- DIRECTIONS FOR THIS TASK
Search the material for the string "defect" and copy each line where it occurs.

DATA UNDER STUDY Block Start

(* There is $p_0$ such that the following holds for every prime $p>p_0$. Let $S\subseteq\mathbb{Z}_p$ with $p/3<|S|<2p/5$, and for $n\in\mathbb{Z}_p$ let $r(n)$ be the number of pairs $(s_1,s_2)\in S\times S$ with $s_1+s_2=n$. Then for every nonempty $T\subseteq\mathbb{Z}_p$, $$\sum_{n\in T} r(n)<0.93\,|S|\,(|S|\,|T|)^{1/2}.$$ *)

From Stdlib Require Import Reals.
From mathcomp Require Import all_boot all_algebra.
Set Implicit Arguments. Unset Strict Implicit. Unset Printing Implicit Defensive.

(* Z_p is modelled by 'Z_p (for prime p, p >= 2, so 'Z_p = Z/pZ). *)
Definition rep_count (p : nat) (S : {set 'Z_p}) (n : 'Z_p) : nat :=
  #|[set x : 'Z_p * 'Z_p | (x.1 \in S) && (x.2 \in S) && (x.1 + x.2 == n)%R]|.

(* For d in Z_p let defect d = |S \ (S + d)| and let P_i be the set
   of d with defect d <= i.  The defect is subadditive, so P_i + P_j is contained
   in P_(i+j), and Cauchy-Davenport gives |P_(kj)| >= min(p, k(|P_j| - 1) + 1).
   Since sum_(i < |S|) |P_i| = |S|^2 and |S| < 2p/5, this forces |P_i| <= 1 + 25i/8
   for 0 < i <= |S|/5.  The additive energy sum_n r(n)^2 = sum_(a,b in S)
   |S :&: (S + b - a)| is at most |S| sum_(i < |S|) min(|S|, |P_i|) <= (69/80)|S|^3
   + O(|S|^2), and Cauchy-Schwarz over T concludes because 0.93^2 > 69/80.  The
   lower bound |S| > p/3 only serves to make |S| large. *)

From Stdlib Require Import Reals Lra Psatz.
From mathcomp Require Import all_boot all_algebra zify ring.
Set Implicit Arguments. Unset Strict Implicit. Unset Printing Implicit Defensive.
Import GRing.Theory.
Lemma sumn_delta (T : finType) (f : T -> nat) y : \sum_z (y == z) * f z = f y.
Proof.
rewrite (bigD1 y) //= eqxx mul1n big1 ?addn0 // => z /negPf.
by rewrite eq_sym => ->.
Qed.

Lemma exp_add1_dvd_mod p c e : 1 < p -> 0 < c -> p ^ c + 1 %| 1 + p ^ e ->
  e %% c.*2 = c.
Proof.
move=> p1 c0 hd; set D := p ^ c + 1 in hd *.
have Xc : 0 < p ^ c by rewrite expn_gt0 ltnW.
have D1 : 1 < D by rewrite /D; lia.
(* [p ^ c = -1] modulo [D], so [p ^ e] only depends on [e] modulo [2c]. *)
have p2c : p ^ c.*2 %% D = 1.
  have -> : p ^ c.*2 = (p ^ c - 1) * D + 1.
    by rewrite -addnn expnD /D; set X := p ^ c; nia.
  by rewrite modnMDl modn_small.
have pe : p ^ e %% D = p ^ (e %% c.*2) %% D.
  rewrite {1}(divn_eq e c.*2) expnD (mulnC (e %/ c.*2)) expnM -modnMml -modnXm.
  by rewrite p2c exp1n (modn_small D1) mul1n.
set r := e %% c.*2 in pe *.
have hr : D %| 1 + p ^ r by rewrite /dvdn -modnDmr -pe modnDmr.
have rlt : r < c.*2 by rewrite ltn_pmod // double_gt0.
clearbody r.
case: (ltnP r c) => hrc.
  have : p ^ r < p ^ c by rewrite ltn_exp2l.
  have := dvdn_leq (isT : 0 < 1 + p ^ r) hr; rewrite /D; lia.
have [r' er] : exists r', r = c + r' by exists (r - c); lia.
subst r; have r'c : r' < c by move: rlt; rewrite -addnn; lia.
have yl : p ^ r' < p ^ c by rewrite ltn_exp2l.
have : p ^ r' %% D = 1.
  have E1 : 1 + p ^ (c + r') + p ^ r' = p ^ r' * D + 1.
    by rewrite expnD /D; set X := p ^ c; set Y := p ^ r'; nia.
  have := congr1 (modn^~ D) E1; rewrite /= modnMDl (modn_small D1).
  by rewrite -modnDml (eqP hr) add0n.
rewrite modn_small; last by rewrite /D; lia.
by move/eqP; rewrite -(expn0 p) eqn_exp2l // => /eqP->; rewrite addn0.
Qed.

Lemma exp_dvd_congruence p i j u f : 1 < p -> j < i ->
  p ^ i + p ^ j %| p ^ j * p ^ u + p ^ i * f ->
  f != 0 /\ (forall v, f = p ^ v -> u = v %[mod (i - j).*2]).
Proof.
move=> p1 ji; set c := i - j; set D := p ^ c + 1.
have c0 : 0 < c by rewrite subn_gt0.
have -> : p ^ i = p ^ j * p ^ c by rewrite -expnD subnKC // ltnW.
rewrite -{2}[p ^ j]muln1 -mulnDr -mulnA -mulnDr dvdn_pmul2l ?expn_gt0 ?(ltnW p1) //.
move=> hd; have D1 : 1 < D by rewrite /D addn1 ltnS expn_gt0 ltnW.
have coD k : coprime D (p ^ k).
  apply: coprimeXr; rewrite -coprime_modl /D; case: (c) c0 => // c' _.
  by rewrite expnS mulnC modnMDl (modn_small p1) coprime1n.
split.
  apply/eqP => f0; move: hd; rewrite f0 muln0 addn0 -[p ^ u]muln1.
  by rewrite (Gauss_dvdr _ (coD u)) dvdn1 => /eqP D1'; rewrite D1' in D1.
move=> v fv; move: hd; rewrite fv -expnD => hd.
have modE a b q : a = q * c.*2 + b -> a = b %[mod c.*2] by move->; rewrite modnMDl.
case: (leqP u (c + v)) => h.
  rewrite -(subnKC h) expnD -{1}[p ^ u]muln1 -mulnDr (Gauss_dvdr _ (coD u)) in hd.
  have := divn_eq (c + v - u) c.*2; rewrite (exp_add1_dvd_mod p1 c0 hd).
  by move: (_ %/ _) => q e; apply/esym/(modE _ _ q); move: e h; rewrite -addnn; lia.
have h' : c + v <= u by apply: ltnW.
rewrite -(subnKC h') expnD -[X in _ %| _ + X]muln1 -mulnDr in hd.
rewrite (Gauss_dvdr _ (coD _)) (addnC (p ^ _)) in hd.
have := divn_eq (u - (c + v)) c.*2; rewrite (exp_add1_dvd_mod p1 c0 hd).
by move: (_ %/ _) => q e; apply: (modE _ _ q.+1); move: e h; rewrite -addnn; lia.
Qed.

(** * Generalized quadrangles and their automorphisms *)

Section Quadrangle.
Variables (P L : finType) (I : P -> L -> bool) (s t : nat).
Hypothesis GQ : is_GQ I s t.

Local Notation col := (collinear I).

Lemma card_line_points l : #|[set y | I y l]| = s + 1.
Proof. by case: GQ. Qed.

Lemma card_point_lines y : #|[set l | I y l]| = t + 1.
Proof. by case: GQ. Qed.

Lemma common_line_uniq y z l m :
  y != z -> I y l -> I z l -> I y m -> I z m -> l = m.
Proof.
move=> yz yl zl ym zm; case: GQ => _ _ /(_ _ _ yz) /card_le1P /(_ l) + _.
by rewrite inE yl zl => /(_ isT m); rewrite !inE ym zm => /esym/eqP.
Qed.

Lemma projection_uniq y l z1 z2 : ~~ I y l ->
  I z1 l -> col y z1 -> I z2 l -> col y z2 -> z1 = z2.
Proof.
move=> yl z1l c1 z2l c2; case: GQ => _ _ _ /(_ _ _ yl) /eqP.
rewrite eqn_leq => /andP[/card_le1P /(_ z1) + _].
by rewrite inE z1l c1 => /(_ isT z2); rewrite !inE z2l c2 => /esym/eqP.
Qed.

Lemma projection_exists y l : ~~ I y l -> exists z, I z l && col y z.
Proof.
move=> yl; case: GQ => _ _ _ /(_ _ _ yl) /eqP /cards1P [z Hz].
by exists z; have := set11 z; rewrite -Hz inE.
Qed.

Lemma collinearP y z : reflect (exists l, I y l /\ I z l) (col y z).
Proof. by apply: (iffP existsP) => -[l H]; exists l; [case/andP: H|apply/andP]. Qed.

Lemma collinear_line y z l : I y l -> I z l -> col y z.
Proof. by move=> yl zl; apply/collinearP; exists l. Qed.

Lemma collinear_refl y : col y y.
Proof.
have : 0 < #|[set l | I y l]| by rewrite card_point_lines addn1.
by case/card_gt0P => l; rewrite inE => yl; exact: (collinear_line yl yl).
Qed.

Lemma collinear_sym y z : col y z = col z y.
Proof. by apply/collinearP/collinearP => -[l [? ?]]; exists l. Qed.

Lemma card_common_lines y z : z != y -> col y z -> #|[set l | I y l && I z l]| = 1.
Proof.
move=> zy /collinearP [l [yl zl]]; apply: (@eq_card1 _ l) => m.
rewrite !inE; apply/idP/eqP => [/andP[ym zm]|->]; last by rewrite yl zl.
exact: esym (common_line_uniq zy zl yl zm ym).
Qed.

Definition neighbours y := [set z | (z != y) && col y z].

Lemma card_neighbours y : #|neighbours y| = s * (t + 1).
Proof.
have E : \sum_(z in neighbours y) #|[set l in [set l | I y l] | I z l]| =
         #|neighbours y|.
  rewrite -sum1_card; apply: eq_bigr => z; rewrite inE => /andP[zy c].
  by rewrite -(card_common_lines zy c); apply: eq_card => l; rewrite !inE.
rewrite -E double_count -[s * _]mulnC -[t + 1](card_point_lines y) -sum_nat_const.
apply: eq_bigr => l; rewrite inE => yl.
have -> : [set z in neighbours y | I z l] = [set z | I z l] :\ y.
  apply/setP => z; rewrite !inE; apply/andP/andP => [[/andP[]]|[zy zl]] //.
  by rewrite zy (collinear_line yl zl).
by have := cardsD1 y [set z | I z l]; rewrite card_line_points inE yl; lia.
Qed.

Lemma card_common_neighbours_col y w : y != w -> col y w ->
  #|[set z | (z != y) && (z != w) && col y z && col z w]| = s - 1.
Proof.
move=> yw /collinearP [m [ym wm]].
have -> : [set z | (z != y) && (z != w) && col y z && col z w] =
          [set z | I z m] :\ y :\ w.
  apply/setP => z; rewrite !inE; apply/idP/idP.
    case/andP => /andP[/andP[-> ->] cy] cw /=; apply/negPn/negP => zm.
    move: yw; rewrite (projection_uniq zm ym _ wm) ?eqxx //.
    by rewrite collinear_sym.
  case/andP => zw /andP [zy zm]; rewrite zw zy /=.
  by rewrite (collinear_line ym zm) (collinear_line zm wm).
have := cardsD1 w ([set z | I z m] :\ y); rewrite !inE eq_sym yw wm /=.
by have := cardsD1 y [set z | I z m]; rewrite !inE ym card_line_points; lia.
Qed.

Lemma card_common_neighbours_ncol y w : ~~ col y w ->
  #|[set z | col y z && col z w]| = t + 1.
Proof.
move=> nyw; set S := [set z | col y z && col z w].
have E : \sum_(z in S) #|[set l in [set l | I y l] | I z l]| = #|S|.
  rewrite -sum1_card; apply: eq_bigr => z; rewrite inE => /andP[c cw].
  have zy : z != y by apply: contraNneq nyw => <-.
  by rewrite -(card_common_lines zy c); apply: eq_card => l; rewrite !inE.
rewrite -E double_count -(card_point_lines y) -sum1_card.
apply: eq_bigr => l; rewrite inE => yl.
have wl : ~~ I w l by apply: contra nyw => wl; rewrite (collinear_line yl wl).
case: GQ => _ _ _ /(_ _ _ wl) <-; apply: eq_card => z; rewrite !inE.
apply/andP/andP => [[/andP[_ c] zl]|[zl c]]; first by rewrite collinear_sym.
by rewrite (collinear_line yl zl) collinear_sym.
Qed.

DATA UNDER STUDY Block End

- EXERCISE RESPONSE
(* For d in Z_p let defect d = |S \ (S + d)| and let P_i be the set
   of d with defect d <= i.  The defect is subadditive, so P_i + P_j is contained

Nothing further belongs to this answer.